PAGE 3
Chapter 7
Poor though he is, Stephen buys some new clothes for Gertrude and her son, who seem happy. Msimangu takes Stephen to visit John. Stephen chides his brother for having left his first wife and the church, but John, a passionate politician with a bull-like voice, tells Stephen that the old order is changing, and the center of this change is Johannesburg, which is a place of opportunity, since Africans are beginning to realize themselves, but a place of strife too, because blacks are unjustly treated by whites. Stephen then asks about Absalom; John can tell them a little, for his own son has left home. Msimangu and Stephen discuss what John has said.
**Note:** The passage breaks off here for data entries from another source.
(* Let $r\ge1$ and let $\mathcal S_r\Lambda^1(I^2)=\mathcal P_r\Lambda^1(I^2)+\operatorname{span}\{d(x^{r+1}y),\,d(xy^{r+1})\}$. For an integer $s\ge1$, $\mathcal Q^-_s\Lambda^1(I^2)\subset\mathcal S_r\Lambda^1(I^2)$ if and only if $2s-1\le r$. Consequently (by Theorem 4 with $n=2$, $k=1$), the reference space $\mathcal S_r\Lambda^1(\hat K)$ yields $L^2$ approximation of order $h^{\lfloor (r+1)/2\rfloor}$ on meshes of bilinearly mapped quadrilaterals.
   Context: $I=[0,1]$, coordinates $(x,y)$ on $I^2=\hat K$. $\mathcal P_r\Lambda^1(I^2)$: $1$-forms $p\,dx+q\,dy$ with $p,q$ polynomials of total degree $\le r$. $\mathcal Q^-_s\Lambda^1(I^2)=\mathcal P_{s-1,s}\,dx\oplus\mathcal P_{s,s-1}\,dy$, where $\mathcal P_{a,b}$ is the space of polynomials of degree $\le a$ in $x$ and $\le b$ in $y$. Theorem 4 (case $n=2$, $k=1$): for $K=F_K(\hat K)$ with $F_K$ bilinear and $V(K)=(F_K^{-1})^*V(\hat K)$ (pullback of $1$-forms: $\hat v=DF_K^T(v\circ F_K)$ in vector proxy), if $\mathcal Q^-_s\Lambda^1(\hat K)\subset V(\hat K)$ then $\mathcal P_{s-1}\Lambda^1(K)\subset V(K)$ and $\inf_{v\in V(K)}\|u-v\|_{L^2\Lambda^1(K)}\le Ch_K^{s}|u|_{H^{s}\Lambda^1(K)}$. *)

(* Bivariate polynomials in (x,y) are encoded as
   {poly {poly R}}: the outer variable is y, coefficients are polynomials in x.
   So p = \sum_j (p`_j)(x) y^j, and the coefficient of x^i y^j is (p`_j)`_i. *)
From HB Require Import structures.
From mathcomp Require Import all_boot all_order all_algebra.
Set Implicit Arguments. Unset Strict Implicit. Unset Printing Implicit Defensive.
Import Order.TTheory GRing.Theory Num.Theory.
Local Open Scope ring_scope.

Section Defs.
Variable R : realFieldType.

Definition poly2 := {poly {poly R}}.

Definition coef2 (p : poly2) (i j : nat) : R := (p`_j)`_i.

Definition mono2 (a b : nat) : poly2 := ('X^a)%:P * 'X^b.

Definition dx (p : poly2) : poly2 := map_poly (fun c : {poly R} => c^`()) p.
Definition dy (p : poly2) : poly2 := p^`().

(* 1-forms p dx + q dy, in vector proxy (p, q) *)
Definition form1 := (poly2 * poly2)%type.

Definition dform (f : poly2) : form1 := (dx f, dy f).

Definition totdeg_le (r : nat) (p : poly2) : Prop :=
  forall i j : nat, (r < i + j)%N -> coef2 p i j = 0.

Definition bideg_le (a b : nat) (p : poly2) : Prop :=
  forall i j : nat, (a < i)%N \/ (b < j)%N -> coef2 p i j = 0.

Definition inPr1 (r : nat) (w : form1) : Prop :=
  totdeg_le r w.1 /\ totdeg_le r w.2.

Definition inQminus1 (s : nat) (w : form1) : Prop :=
  bideg_le s.-1 s w.1 /\ bideg_le s s.-1 w.2.

Definition inSr1 (r : nat) (w : form1) : Prop :=
  exists (u : form1) (a b : R),
    inPr1 r u /\
    w.1 = u.1 + (a%:P)%:P * (dform (mono2 r.+1 1)).1 + (b%:P)%:P * (dform (mono2 1 r.+1)).1 /\
    w.2 = u.2 + (a%:P)%:P * (dform (mono2 r.+1 1)).2 + (b%:P)%:P * (dform (mono2 1 r.+1)).2.

End Defs.

(* Sufficiency: a polynomial of bidegree (a, b) has total degree <= a + b, so
   Q^-_s Lambda^1 = P_{s-1,s} dx + P_{s,s-1} dy lies in P_{2s-1} Lambda^1,
   which is contained in P_r Lambda^1 and hence in S_r Lambda^1 when
   2s - 1 <= r.

   Necessity: the only monomials of total degree > r occurring in the
   dx-component of a form of S_r Lambda^1 come from the two extra generators,
   d(x^{r+1} y) = (r+1) x^r y dx + ..., and d(x y^{r+1}) = y^{r+1} dx + ....
   Hence the coefficient of x^i y^j in that component vanishes whenever
   i + j > r and (i, j) is neither (r, 1) nor (0, r+1).  If 2s - 1 > r then
   s >= 2, and the form x^{s-1} y^s dx of Q^-_s has a nonzero coefficient at
   (s-1, s), which is of total degree 2s - 1 > r and is neither exceptional
   index: so it is not in S_r Lambda^1. *)

From HB Require Import structures.
From mathcomp Require Import all_boot all_order all_algebra.
From mathcomp Require Import zify.
Set Implicit Arguments. Unset Strict Implicit. Unset Printing Implicit Defensive.
Import Order.TTheory GRing.Theory Num.Theory.
Local Open Scope ring_scope.

Section BivariateForms.
Variable R : realFieldType.
Implicit Types (p q : poly2 R) (w : form1 R).

Lemma coef2_mono a b i j :
  coef2 (mono2 R a b) i j = ((i == a) && (j == b))%:R.
Proof.
rewrite /coef2 /mono2 coefMXn; case: ltnP => hj.
  by rewrite coef0 (_ : (j == b) = false) ?andbF //; apply/negbTE; lia.
rewrite coefC; case: eqP => [hjb|hjb].
  by rewrite (_ : j = b) ?eqxx ?andbT ?coefXn //; lia.
by rewrite coef0 (_ : (j == b) = false) ?andbF //; apply/negbTE; lia.
Qed.

Lemma coef2D p q i j : coef2 (p + q) i j = coef2 p i j + coef2 q i j.
Proof. by rewrite /coef2 !coefD. Qed.

Lemma coef2CM (c : R) p i j : coef2 ((c%:P)%:P * p) i j = c * coef2 p i j.
Proof. by rewrite /coef2 !coefCM. Qed.

Lemma coef2_dx p i j : coef2 (dx p) i j = coef2 p i.+1 j *+ i.+1.
Proof. by rewrite /coef2 /dx coef_map_id0 ?deriv0 // coef_deriv. Qed.

Lemma bideg_totdeg a b p : bideg_le a b p -> totdeg_le (a + b) p.
Proof. by move=> hp i j hij; apply: hp; lia. Qed.

Lemma totdeg_le_mono r r' p : (r <= r')%N -> totdeg_le r p -> totdeg_le r' p.
Proof. by move=> hrr' hp i j hij; apply: hp; lia. Qed.

Lemma Pr1_mono r r' w : (r <= r')%N -> inPr1 r w -> inPr1 r' w.
Proof. by move=> hrr' [h1 h2]; split; apply: totdeg_le_mono hrr' _. Qed.

Lemma Qminus1_Pr1 s w : inQminus1 s w -> inPr1 (2 * s - 1) w.
Proof.
move=> [h1 h2]; have e1 : (2 * s - 1 = s.-1 + s)%N by lia.
have e2 : (2 * s - 1 = s + s.-1)%N by lia.
by split; [rewrite e1 | rewrite e2]; apply: bideg_totdeg.
Qed.

Lemma Pr1_Sr1 r w : inPr1 r w -> inSr1 r w.
Proof. by case: w => w1 w2 hw; exists (w1, w2), 0, 0; rewrite !mul0r !addr0. Qed.

Lemma Sr1_dx_coef_high r w i j :
  inSr1 r w -> (r < i + j)%N ->
  (i, j) != (r, 1%N) -> (i, j) != (0%N, r.+1) -> coef2 w.1 i j = 0.
Proof.
move=> [u [a [b [[hu _] [-> _]]]]] hij; rewrite !xpair_eqE => hr1 h0r.
rewrite !coef2D !coef2CM /dform /= !coef2_dx !coef2_mono hu //.
by rewrite !eqSS (negbTE hr1) (negbTE h0r) !mul0rn !mulr0 !addr0.
Qed.

Lemma witness_Qminus1 s : inQminus1 s (mono2 R s.-1 s, 0).
Proof.
split=> i j hij /=; last by rewrite /coef2 !coef0.
rewrite coef2_mono; case: hij => h.
  by rewrite (_ : (i == s.-1) = false) //; apply/negbTE; lia.
by rewrite (_ : (j == s) = false) ?andbF //; apply/negbTE; lia.
Qed.

End BivariateForms.

Theorem mainTheorem9 (R : realFieldType) (r s : nat) :
  (1 <= r)%N -> (1 <= s)%N ->
  ((forall w : form1 R, inQminus1 s w -> inSr1 r w) <-> (2 * s - 1 <= r)%N).
Proof.
move=> hr hs; split=> [incl | hrs w hw]; last first.
  by apply/Pr1_Sr1/(Pr1_mono hrs)/Qminus1_Pr1.
case: (leqP (2 * s - 1) r) => // hlt; exfalso.
have hS := incl _ (witness_Qminus1 R s).
have hdeg : (r < s.-1 + s)%N by lia.
have hne1 : (s.-1, s) != (r, 1%N).
  by rewrite xpair_eqE; apply/negP => /andP [/eqP ? /eqP ?]; lia.
have hne2 : (s.-1, s) != (0%N, r.+1).
  by rewrite xpair_eqE; apply/negP => /andP [/eqP ? /eqP ?]; lia.
have := Sr1_dx_coef_high hS hdeg hne1 hne2.
by rewrite /= coef2_mono !eqxx => /eqP; rewrite oner_eq0.
Qed.
Lemma dvar_var i j : dvar i (var R N j) = ((i == j) && (i < nvars N)%N)%:R :> MP.
Proof.
rewrite /dvar /var; case: (@insubP _ _ (ordinal (nvars N)) i) => [i' _ ei|/negbTE ->];
  last by rewrite andbF.
case: (@insubP _ _ (ordinal (nvars N)) j) => [j' _ ej|jN]; last first.
  by rewrite mderiv0; case: eqP => // eij; rewrite -eij -ei ltn_ord in jN.
rewrite mderivX mnm1E -ei -ej (inj_eq val_inj) ltn_ord andbT.
case: eqVneq => [->|_]; last by rewrite scale0r.
have -> : (U_(i') - U_(i'))%MM = 0%MM by apply/mnmP => k; rewrite mnmBE subnn mnm0E.
by rewrite mpolyX0 scale1r.
Qed.

Lemma dvarD i (f g : MP) : dvar i (f + g) = dvar i f + dvar i g.
Proof. by rewrite /dvar; case: insubP => *; rewrite ?mderivD ?addr0. Qed.
Lemma dvarN i (f : MP) : dvar i (- f) = - dvar i f.
Proof. by rewrite /dvar; case: insubP => *; rewrite ?mderivN ?oppr0. Qed.
Lemma dvarM i (f g : MP) : dvar i (f * g) = dvar i f * g + f * dvar i g.
Proof. by rewrite /dvar; case: insubP => *; rewrite ?mderivM ?mul0r ?mulr0 ?addr0. Qed.
Lemma dvarC i c : dvar i (c%:MP : MP) = 0.
Proof. by rewrite /dvar; case: insubP => *; rewrite ?mderivC. Qed.
Lemma dvar0 i : dvar i (0 : MP) = 0.
Proof. by rewrite -mpolyC0 dvarC. Qed.

Lemma daD k (f g : MP) : da k (f + g) = da k f + da k g.
Proof. by rewrite /da; case: ifP; rewrite ?dvarD ?addr0. Qed.
Lemma daN k (f : MP) : da k (- f) = - da k f.
Proof. by rewrite /da; case: ifP; rewrite ?dvarN ?oppr0. Qed.
Lemma daM k (f g : MP) : da k (f * g) = da k f * g + f * da k g.
Proof. by rewrite /da; case: ifP; rewrite ?dvarM ?mul0r ?mulr0 ?addr0. Qed.
Lemma daC k c : da k (c%:MP : MP) = 0.
Proof. by rewrite /da; case: ifP; rewrite ?dvarC. Qed.

Lemma dbD k (f g : MP) : db k (f + g) = db k f + db k g.
Proof. by rewrite /db; case: ifP; rewrite ?dvarD ?addr0. Qed.
Lemma dbN k (f : MP) : db k (- f) = - db k f.
Proof. by rewrite /db; case: ifP; rewrite ?dvarN ?oppr0. Qed.
Lemma dbM k (f g : MP) : db k (f * g) = db k f * g + f * db k g.
Proof. by rewrite /db; case: ifP; rewrite ?dvarM ?mul0r ?mulr0 ?addr0. Qed.
Lemma dbC k c : db k (c%:MP : MP) = 0.
Proof. by rewrite /db; case: ifP; rewrite ?dvarC. Qed.

Lemma avar_out k : ~~ (0 < k < N)%N -> a k = 0.
Proof. by rewrite /avar => /negbTE ->. Qed.

Lemma da_a k j : da k (a j) = ((k == j) && (0 < k < N)%N)%:R.
Proof.
rewrite /da /avar; case: ifP => hk; last by rewrite andbF.
case: ifP => hj; last by rewrite dvar0; case: eqP => // ekj; rewrite ekj hj in hk.
rewrite dvar_var /aidx /nvars; congr (_%:R).
by rewrite (_ : (k.-1 < N.-1 + N)%N) ?andbT; [apply/eqP/eqP; lia | lia].
Qed.

Lemma db_b k j : db k (b j) = ((k == j) && (0 < k <= N)%N)%:R.
Proof.
rewrite /db /bvar; case: ifP => hk; last by rewrite andbF.
case: ifP => hj; last by rewrite dvar0; case: eqP => // ekj; rewrite ekj hj in hk.
rewrite dvar_var /bidx /nvars; congr (_%:R).
by rewrite (_ : (N.-1 + k.-1 < N.-1 + N)%N) ?andbT; [apply/eqP/eqP; lia | lia].
Qed.

Lemma da_b k j : da k (b j) = 0.
Proof.
rewrite /da /bvar; case: ifP => hk //; case: ifP => hj; rewrite ?dvar0 //.
by rewrite dvar_var /aidx /bidx; case: eqP => //= ?; lia.
Qed.

Lemma db_a k j : db k (a j) = 0.
Proof.
rewrite /db /avar; case: ifP => hk //; case: ifP => hj; rewrite ?dvar0 //.
by rewrite dvar_var /aidx /bidx; case: eqP => //= ?; lia.
Qed.

Lemma pbracketDl (f g h : MP) : pb (f + g) h = pb f h + pb g h.
Proof.
rewrite /pbracket addrACA -!big_split /=.
by congr (_ + _); apply: eq_bigr => k _; rewrite !daD !dbD; ring.
Qed.

Lemma pbracketNl (f h : MP) : pb (- f) h = - pb f h.
Proof.
rewrite /pbracket opprD -!sumrN.
by congr (_ + _); apply: eq_bigr => k _; rewrite !daN !dbN; ring.
Qed.

Lemma pbracketMl (f g h : MP) : pb (f * g) h = f * pb g h + g * pb f h.
Proof.
rewrite /pbracket !mulrDr !mulr_sumr addrACA -!big_split /=.
by congr (_ + _); apply: eq_bigr => k _; rewrite !daM !dbM; ring.
Qed.

Lemma pbracketCl c (h : MP) : pb c%:MP h = 0.
Proof. by rewrite /pbracket !big1 ?addr0 // => k _; rewrite !daC !dbC; ring. Qed.

Lemma pbracket_antisym (f g : MP) : pb g f = - pb f g.
Proof.
rewrite /pbracket opprD -!sumrN.
by congr (_ + _); apply: eq_bigr => k _; ring.
Qed.

Lemma pbracketxx (f : MP) : pb f f = 0.
Proof.
by rewrite /pbracket !big1 ?addr0 // => k _; rewrite [db k f * _]mulrC subrr mulr0.
Qed.

Local Notation q4 := (((4%:R : R)^-1)%:MP : MP).

Lemma pbracket_b j g : pb (b j) g = q4 * (a j.-1 * da j.-1 g - a j * da j g).
Proof.
rewrite /pbracket.
transitivity (\sum_(1 <= k < N | k == j) (- q4 * a k * da k g)
  + \sum_(2 <= k < N.+1 | k == j) (q4 * a k.-1 * da k.-1 g)).
  congr (_ + _); rewrite [RHS]big_mkcond; apply: eq_big_nat => k kN;
  (have kb : (0 < k <= N)%N by lia);
  by rewrite !da_b !db_b; case: eqVneq => _ /=; rewrite ?kb /=; ring.
rewrite !big_nat1_eq; case: ifP => [_|/negbT/avar_out->];
  by case: ifP => [_|j2]; [ring | rewrite [a j.-1]avar_out; [ring | lia]].
Qed.

Lemma pbracket_a j g : pb (a j) g = q4 * (a j * (db j g - db j.+1 g)).
Proof.
rewrite /pbracket.
transitivity (\sum_(1 <= k < N | k == j) (q4 * a k * db k g)
  + \sum_(2 <= k < N.+1 | k == j.+1) (- q4 * a k.-1 * db k g)); last first.
  rewrite !big_nat1_eq ltnS; case: ifP => [_|/negbT/avar_out->]; ring.
congr (_ + _); rewrite [RHS]big_mkcond; apply: eq_big_nat => k kN; rewrite !da_a !db_a.
- by case: eqVneq => _ /=; rewrite ?kN /=; ring.
- rewrite (_ : (k.-1 == j) = (k == j.+1)); last by apply/eqP/eqP; lia.
  case: eqVneq => [ekj|_] /=; last ring.
  by rewrite (_ : (0 < k.-1 < N)%N) /=; [ring | lia].
Qed.

Definition pb4 (f g : MP) : MP := 4%:R * pb f g.

Lemma pb4_b j g : pb4 (b j) g = a j.-1 * da j.-1 g - a j * da j g.
Proof.
by rewrite /pb4 pbracket_b mulrA -mpolyC_nat -mpolyCM mulfV ?pnatr_eq0 // mul1r.
Qed.

Lemma pb4_a j g : pb4 (a j) g = a j * (db j g - db j.+1 g).
Proof.
by rewrite /pb4 pbracket_a mulrA -mpolyC_nat -mpolyCM mulfV ?pnatr_eq0 // mul1r.
Qed.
Msimangu agrees with much of it, but fears that a politician like John could easily become corrupt. He feels that the only hope for the country is if whites and blacks can learn to work together for the common good. Love is needed; but he says, "I have one great fear in my heart, that one day when they are turned to loving, they will find we are turned to hating." They then begin the search for Absalom, following leads, going from place to place.

Chapter 8
Stephen and Msimangu, now firm friends, in their search for Absalom set off for Alexandra, eleven miles from the centre of Johannesburg. They encounter a bus boycott, mounted to object to a fare increase, and are persuaded to walk the distance; but after a while they are given a lift by a sympathetic white man. Msimangu speaks of the problems caused by crime, and of the varying white reactions to the issue. They then visit Mrs. Mkize, with whom Absalom and his cousin stayed a year or so ago. She is afraid, partly because she thinks they may come from the police. She does not know where the young men have gone, but in response to the pleas of Msimangu finally tells him that the two had obviously been engaging in theft. She puts Msimangu and Stephen on to a taxi-driver who had been friendly with Absalom and his cousin. He is afraid too, but suggests that they go to Shanty Town, the squatter settlement. They return by taxi to Johannesburg, passing the thousands of walking bus boycotters, and the sprinkling of white drivers irritating the police by offering their assistance to some of the walkers.

Chapter 9
The novelist constantly offers, in dramatized form, salient relevant South African socio-political realities, with all their injustices and imbalances. Thus he gives his central story a representative edge, indeed makes it symbolic of the country's tragic and dangerous tensions. In this chapter, a series of vignettes highlight some of the social problems of African people in Johannesburg, into which more and more people are moving: poverty, overcrowding, a drastic shortage of housing and accommodation, bribery, a lack of privacy, the constant fear of sexual misdemeanors, theft, and other forms of crime. In a further series of vignettes—fictionalized, but close to the historical reality—we see homeless people getting together, forming a committee (headed by Dubula, who was also involved in the bus boycott), and building Shanty Town overnight, and, while all this happens, the grief of a mother as her young child sickens and dies. We see Shanty Town growing, and the white authorities attempting to deal with it as a new problem. The squatter settlement becomes famous overnight. But how will those living in shacks made of wooden poles, iron and sacking cope in the rain and in the winter?